# WHAT THE TASK ASKS
Copy verbatim the block of lines in the entries below whose first line contains "T \subset U)" and whose last line contains "exists (a : 'I_m". Leave out all other lines.

# Collected data
-- Opening Marker --
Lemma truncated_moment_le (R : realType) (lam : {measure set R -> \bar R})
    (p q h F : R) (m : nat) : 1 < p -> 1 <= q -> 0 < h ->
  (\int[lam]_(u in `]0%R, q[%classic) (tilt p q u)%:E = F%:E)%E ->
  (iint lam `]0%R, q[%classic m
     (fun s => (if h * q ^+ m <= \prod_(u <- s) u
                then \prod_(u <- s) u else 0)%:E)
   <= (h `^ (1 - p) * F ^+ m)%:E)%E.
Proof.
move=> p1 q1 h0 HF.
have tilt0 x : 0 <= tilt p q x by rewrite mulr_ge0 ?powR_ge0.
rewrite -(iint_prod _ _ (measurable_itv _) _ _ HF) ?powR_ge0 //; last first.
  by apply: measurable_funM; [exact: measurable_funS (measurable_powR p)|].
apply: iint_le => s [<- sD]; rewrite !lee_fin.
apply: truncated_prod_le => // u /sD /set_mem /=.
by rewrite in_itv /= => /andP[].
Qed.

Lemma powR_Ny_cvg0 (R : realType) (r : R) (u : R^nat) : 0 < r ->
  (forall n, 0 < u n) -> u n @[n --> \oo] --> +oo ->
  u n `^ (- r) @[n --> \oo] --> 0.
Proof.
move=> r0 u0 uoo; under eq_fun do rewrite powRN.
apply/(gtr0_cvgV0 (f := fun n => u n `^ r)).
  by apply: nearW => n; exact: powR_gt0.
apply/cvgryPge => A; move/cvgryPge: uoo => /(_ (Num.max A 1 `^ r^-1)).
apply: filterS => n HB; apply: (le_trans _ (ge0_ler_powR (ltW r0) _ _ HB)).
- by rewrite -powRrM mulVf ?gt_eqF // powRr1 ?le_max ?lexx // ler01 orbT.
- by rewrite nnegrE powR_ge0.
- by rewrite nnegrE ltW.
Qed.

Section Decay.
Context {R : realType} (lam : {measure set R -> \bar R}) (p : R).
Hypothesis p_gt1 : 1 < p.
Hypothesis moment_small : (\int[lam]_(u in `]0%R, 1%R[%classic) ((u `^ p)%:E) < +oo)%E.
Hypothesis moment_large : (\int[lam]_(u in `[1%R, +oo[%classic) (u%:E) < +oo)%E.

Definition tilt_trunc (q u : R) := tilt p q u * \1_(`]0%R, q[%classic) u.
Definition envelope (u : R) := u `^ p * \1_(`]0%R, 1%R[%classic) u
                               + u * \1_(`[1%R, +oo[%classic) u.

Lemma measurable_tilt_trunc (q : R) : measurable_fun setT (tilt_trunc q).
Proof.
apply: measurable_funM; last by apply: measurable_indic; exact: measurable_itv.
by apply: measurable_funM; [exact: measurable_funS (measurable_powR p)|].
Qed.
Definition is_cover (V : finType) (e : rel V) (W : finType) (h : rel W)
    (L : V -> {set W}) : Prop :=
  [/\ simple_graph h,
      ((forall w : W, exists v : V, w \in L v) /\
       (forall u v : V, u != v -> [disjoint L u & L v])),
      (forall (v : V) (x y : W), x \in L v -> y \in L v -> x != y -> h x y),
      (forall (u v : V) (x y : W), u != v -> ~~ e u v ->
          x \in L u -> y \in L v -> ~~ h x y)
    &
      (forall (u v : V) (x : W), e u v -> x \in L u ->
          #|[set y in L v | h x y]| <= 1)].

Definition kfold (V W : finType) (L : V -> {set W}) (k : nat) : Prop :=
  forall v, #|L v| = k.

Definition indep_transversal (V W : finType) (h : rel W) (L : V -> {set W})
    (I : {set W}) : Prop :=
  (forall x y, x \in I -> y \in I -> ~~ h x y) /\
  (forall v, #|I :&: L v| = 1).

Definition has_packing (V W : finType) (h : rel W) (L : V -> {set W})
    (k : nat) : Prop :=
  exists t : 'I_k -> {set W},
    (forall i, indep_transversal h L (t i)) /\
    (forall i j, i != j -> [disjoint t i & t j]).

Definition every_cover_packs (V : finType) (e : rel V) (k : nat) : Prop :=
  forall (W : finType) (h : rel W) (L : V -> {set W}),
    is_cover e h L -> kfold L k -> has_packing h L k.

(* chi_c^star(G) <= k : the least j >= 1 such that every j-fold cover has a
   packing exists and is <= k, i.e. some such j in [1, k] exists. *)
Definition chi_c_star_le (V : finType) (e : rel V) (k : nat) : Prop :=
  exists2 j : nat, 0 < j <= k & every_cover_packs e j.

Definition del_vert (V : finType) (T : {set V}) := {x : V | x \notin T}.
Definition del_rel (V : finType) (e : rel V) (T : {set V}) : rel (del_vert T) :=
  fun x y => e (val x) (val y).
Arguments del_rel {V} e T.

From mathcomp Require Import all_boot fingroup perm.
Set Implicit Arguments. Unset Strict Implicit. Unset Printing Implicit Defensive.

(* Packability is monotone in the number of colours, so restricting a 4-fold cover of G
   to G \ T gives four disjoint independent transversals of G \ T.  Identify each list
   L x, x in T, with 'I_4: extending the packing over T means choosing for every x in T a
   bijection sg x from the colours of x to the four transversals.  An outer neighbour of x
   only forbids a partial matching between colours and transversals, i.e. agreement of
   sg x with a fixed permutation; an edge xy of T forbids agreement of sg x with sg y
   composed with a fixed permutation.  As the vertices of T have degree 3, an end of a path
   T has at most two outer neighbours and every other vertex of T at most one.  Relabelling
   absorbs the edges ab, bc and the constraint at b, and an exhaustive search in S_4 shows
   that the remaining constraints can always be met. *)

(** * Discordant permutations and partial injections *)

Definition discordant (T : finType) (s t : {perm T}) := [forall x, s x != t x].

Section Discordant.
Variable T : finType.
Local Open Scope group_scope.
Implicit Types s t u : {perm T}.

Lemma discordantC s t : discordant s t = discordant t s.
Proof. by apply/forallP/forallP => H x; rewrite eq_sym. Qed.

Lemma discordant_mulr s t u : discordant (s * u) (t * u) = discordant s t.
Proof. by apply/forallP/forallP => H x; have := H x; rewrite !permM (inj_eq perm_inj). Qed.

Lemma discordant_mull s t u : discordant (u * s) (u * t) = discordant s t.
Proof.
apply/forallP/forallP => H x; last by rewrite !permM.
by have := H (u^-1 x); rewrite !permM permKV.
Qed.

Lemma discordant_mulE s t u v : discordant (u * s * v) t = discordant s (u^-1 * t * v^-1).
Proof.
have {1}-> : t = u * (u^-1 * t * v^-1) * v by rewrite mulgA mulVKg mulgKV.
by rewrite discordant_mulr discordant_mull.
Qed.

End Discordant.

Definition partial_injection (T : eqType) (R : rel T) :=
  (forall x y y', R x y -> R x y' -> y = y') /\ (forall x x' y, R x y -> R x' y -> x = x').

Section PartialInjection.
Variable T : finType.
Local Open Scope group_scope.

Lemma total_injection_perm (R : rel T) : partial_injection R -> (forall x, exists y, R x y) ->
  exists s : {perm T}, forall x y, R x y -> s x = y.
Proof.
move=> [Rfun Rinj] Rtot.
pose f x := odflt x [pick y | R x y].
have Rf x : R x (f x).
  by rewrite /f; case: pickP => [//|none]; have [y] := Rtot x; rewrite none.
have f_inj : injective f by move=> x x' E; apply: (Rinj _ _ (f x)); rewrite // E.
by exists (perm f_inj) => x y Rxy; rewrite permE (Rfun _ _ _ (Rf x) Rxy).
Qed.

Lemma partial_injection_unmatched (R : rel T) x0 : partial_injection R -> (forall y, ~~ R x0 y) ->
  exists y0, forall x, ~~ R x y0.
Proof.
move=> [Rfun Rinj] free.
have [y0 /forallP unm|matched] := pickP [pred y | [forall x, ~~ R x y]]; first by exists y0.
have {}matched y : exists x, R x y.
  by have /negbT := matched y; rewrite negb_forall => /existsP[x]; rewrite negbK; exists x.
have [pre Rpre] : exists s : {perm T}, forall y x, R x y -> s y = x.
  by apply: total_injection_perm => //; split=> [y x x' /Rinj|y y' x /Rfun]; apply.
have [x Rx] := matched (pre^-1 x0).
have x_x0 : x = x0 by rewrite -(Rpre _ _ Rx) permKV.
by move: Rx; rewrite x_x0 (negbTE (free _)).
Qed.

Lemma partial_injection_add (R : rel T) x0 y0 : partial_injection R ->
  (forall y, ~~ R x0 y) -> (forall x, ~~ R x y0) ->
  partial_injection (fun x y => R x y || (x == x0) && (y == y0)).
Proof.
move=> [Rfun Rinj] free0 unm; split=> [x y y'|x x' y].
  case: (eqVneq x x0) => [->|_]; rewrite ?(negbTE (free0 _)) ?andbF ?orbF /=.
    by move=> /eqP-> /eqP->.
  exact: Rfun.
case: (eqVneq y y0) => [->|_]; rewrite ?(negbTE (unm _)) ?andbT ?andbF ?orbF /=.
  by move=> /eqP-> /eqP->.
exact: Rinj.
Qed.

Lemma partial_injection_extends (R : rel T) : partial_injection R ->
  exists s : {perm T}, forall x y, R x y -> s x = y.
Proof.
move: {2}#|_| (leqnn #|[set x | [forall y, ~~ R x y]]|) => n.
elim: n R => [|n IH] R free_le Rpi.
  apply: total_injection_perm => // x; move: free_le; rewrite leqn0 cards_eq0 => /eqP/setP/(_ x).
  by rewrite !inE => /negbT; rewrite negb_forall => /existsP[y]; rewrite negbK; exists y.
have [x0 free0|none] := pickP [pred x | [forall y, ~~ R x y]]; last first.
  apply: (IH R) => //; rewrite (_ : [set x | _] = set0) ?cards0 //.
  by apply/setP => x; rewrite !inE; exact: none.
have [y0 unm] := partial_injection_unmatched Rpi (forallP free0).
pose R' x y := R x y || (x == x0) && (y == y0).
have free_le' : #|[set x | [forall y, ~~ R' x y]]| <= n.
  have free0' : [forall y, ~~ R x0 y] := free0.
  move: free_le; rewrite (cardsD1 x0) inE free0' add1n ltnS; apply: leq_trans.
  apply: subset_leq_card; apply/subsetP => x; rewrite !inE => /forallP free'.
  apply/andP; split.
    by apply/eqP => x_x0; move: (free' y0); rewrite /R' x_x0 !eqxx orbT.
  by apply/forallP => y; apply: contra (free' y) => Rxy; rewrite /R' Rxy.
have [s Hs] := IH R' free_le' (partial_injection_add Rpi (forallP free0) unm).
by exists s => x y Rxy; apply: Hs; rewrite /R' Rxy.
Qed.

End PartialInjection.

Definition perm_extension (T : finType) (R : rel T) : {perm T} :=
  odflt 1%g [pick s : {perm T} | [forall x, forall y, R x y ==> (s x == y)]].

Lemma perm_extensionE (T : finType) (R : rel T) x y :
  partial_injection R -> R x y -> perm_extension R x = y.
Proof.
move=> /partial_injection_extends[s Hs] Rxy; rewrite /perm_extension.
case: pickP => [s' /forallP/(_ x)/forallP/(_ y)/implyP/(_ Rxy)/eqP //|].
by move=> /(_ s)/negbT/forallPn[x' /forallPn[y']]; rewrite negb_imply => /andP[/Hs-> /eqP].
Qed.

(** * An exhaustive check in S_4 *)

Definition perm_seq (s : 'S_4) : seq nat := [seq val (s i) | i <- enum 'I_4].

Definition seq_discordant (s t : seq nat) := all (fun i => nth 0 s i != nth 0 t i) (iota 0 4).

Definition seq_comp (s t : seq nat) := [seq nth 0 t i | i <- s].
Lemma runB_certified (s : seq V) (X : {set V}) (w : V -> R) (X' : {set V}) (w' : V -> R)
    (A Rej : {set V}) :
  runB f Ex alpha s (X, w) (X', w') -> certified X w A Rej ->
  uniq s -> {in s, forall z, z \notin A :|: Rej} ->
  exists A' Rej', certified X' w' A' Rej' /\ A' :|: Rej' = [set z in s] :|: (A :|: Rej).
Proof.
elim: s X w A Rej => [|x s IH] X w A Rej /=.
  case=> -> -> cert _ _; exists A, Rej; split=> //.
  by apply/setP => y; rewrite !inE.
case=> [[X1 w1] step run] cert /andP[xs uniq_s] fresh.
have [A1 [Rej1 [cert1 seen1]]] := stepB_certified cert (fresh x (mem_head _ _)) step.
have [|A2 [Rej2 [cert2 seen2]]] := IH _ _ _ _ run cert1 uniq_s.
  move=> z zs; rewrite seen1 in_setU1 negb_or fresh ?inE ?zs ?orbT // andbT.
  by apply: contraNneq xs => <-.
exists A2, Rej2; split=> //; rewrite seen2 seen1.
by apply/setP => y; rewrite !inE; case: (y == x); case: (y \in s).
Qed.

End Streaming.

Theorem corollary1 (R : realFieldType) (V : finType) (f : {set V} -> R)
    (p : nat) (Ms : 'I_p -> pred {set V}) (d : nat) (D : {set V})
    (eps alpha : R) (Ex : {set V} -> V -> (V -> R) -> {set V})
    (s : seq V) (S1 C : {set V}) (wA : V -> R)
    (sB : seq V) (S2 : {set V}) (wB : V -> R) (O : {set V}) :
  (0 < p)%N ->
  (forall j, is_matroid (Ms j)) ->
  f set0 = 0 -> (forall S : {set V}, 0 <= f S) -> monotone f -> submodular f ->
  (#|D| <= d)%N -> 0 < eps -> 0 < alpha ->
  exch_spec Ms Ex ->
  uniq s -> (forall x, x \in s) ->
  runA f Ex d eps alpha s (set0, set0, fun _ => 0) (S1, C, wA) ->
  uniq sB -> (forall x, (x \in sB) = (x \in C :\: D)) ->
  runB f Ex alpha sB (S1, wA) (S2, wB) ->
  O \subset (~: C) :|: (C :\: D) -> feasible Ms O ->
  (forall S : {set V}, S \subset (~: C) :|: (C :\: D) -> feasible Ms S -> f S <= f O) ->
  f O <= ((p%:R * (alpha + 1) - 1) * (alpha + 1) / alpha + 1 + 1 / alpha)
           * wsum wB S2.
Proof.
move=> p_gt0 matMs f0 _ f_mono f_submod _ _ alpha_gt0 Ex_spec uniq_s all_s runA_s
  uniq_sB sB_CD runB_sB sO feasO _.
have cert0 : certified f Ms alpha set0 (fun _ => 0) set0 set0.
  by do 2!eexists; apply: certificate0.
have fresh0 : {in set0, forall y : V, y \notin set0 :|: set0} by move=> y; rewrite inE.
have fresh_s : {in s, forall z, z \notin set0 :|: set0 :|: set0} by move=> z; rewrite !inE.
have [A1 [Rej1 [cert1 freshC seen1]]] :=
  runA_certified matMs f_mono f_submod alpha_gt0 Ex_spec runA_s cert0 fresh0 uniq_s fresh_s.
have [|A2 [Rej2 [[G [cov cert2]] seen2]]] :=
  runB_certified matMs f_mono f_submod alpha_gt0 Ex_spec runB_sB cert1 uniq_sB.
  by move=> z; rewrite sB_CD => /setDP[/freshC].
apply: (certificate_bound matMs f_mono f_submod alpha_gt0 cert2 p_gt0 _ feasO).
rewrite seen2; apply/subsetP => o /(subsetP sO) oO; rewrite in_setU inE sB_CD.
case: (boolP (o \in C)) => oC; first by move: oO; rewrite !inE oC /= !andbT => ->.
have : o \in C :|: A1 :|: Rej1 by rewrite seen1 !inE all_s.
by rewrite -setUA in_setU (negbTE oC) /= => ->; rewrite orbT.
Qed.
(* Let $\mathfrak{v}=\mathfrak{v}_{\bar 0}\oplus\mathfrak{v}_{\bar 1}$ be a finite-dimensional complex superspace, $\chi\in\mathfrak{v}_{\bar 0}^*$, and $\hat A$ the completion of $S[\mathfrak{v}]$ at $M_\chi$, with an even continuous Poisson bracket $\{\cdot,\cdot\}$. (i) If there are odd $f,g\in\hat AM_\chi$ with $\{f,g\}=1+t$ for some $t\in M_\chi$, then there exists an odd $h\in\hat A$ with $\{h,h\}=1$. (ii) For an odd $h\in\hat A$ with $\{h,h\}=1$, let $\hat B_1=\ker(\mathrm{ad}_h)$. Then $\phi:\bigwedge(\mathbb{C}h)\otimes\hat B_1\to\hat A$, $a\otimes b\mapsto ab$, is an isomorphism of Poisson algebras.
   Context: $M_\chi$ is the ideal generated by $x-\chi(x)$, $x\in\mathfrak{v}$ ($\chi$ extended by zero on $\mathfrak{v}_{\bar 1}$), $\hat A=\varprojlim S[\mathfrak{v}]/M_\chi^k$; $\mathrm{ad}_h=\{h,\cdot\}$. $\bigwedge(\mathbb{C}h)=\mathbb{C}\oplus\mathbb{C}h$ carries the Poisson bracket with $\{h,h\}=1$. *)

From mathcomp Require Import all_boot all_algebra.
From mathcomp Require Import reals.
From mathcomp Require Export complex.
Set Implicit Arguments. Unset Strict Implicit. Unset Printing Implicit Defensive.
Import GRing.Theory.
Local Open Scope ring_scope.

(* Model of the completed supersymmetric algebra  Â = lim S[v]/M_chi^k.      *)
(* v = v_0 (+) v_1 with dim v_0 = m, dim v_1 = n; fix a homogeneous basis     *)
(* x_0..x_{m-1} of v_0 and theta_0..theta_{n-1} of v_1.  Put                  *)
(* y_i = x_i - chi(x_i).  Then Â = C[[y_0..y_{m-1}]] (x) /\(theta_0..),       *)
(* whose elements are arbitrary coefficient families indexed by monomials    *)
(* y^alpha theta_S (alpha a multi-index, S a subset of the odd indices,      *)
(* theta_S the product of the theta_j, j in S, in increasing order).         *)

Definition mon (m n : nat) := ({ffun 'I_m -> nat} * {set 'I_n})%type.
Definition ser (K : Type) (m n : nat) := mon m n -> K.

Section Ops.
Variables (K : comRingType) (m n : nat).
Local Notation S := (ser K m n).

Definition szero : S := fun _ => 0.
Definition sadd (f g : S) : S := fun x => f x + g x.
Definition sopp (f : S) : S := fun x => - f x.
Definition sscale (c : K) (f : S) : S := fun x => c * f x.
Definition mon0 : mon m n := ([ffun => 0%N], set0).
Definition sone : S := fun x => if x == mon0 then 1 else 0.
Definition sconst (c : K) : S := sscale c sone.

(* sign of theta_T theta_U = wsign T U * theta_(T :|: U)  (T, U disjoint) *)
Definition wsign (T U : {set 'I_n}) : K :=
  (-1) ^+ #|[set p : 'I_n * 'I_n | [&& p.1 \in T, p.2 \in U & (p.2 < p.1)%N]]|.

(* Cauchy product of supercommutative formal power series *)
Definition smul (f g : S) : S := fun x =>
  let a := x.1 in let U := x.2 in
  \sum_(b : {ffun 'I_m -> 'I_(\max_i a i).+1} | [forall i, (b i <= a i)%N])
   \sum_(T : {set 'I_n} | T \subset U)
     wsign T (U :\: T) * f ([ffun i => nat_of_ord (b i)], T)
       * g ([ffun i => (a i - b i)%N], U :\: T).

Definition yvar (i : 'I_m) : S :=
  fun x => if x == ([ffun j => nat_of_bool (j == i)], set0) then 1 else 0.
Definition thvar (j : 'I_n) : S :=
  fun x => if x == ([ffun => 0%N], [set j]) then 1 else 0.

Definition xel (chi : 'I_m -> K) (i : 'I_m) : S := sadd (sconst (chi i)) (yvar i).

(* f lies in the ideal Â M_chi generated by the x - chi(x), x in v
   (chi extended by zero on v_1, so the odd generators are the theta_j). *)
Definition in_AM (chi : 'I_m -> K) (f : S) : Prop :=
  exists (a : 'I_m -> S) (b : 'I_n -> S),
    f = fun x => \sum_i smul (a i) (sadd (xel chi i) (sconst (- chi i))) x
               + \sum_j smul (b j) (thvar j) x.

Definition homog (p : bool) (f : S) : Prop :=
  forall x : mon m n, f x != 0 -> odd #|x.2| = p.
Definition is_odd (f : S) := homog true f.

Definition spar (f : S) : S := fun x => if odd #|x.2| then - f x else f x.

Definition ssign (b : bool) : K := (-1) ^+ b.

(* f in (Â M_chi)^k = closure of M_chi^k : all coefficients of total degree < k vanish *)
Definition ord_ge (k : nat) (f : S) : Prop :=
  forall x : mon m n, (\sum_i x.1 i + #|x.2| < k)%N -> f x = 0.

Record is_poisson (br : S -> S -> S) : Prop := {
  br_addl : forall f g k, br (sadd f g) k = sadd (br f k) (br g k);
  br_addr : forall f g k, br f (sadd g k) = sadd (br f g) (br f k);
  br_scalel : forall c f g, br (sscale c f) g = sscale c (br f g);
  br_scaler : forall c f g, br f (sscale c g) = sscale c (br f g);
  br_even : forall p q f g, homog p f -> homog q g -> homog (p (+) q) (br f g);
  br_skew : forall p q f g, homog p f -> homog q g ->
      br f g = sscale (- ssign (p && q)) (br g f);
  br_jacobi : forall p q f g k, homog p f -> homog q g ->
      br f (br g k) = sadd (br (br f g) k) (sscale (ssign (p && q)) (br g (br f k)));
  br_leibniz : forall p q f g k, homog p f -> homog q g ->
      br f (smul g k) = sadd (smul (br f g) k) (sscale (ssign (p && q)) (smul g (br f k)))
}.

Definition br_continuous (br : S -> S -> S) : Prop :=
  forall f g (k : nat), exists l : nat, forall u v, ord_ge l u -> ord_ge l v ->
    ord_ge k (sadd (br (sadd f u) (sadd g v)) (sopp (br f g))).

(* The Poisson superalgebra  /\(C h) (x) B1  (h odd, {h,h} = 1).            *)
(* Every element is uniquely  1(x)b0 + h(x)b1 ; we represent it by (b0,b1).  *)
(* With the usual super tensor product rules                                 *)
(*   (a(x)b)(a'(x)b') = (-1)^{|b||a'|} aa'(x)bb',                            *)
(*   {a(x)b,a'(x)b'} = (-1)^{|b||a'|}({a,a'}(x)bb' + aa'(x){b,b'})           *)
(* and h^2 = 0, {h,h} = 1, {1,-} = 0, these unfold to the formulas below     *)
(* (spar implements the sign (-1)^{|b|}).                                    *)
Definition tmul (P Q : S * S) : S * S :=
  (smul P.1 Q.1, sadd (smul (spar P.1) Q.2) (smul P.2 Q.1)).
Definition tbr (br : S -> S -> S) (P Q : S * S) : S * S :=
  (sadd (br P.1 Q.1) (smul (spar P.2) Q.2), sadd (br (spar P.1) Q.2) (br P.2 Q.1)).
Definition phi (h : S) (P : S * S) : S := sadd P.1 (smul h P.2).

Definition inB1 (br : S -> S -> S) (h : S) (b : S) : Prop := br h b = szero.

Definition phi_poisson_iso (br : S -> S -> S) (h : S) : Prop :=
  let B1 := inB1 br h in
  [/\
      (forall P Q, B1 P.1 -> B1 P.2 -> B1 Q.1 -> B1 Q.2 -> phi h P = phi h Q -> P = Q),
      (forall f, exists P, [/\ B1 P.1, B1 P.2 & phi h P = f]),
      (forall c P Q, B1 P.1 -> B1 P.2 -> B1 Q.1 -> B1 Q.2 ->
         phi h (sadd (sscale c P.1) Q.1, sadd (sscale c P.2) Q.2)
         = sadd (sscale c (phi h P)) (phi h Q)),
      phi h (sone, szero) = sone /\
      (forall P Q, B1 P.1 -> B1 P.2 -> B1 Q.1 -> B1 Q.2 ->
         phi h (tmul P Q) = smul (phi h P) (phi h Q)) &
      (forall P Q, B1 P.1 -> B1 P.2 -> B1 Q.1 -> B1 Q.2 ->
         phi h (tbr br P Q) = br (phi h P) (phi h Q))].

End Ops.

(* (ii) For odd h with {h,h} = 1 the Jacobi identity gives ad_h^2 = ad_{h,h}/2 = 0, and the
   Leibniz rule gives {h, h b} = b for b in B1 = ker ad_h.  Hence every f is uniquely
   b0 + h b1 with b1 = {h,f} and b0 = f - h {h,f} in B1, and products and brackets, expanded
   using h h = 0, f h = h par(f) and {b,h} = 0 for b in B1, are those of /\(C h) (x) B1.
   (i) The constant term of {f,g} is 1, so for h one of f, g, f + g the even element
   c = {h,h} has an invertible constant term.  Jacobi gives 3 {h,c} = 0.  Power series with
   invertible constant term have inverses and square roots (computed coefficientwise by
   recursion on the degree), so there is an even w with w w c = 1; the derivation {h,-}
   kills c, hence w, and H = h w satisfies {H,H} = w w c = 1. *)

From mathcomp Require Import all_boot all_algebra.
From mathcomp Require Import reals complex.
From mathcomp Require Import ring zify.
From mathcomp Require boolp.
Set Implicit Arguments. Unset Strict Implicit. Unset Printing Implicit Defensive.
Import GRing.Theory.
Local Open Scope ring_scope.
-- Closing Marker --
# EXPECTED OUTPUT
   \sum_(T : {set 'I_n} | T \subset U)
     wsign T (U :\: T) * f ([ffun i => nat_of_ord (b i)], T)
       * g ([ffun i => (a i - b i)%N], U :\: T).

Definition yvar (i : 'I_m) : S :=
  fun x => if x == ([ffun j => nat_of_bool (j == i)], set0) then 1 else 0.
Definition thvar (j : 'I_n) : S :=
  fun x => if x == ([ffun => 0%N], [set j]) then 1 else 0.

Definition xel (chi : 'I_m -> K) (i : 'I_m) : S := sadd (sconst (chi i)) (yvar i).

(* f lies in the ideal Â M_chi generated by the x - chi(x), x in v
   (chi extended by zero on v_1, so the odd generators are the theta_j). *)
Definition in_AM (chi : 'I_m -> K) (f : S) : Prop :=
  exists (a : 'I_m -> S) (b : 'I_n -> S),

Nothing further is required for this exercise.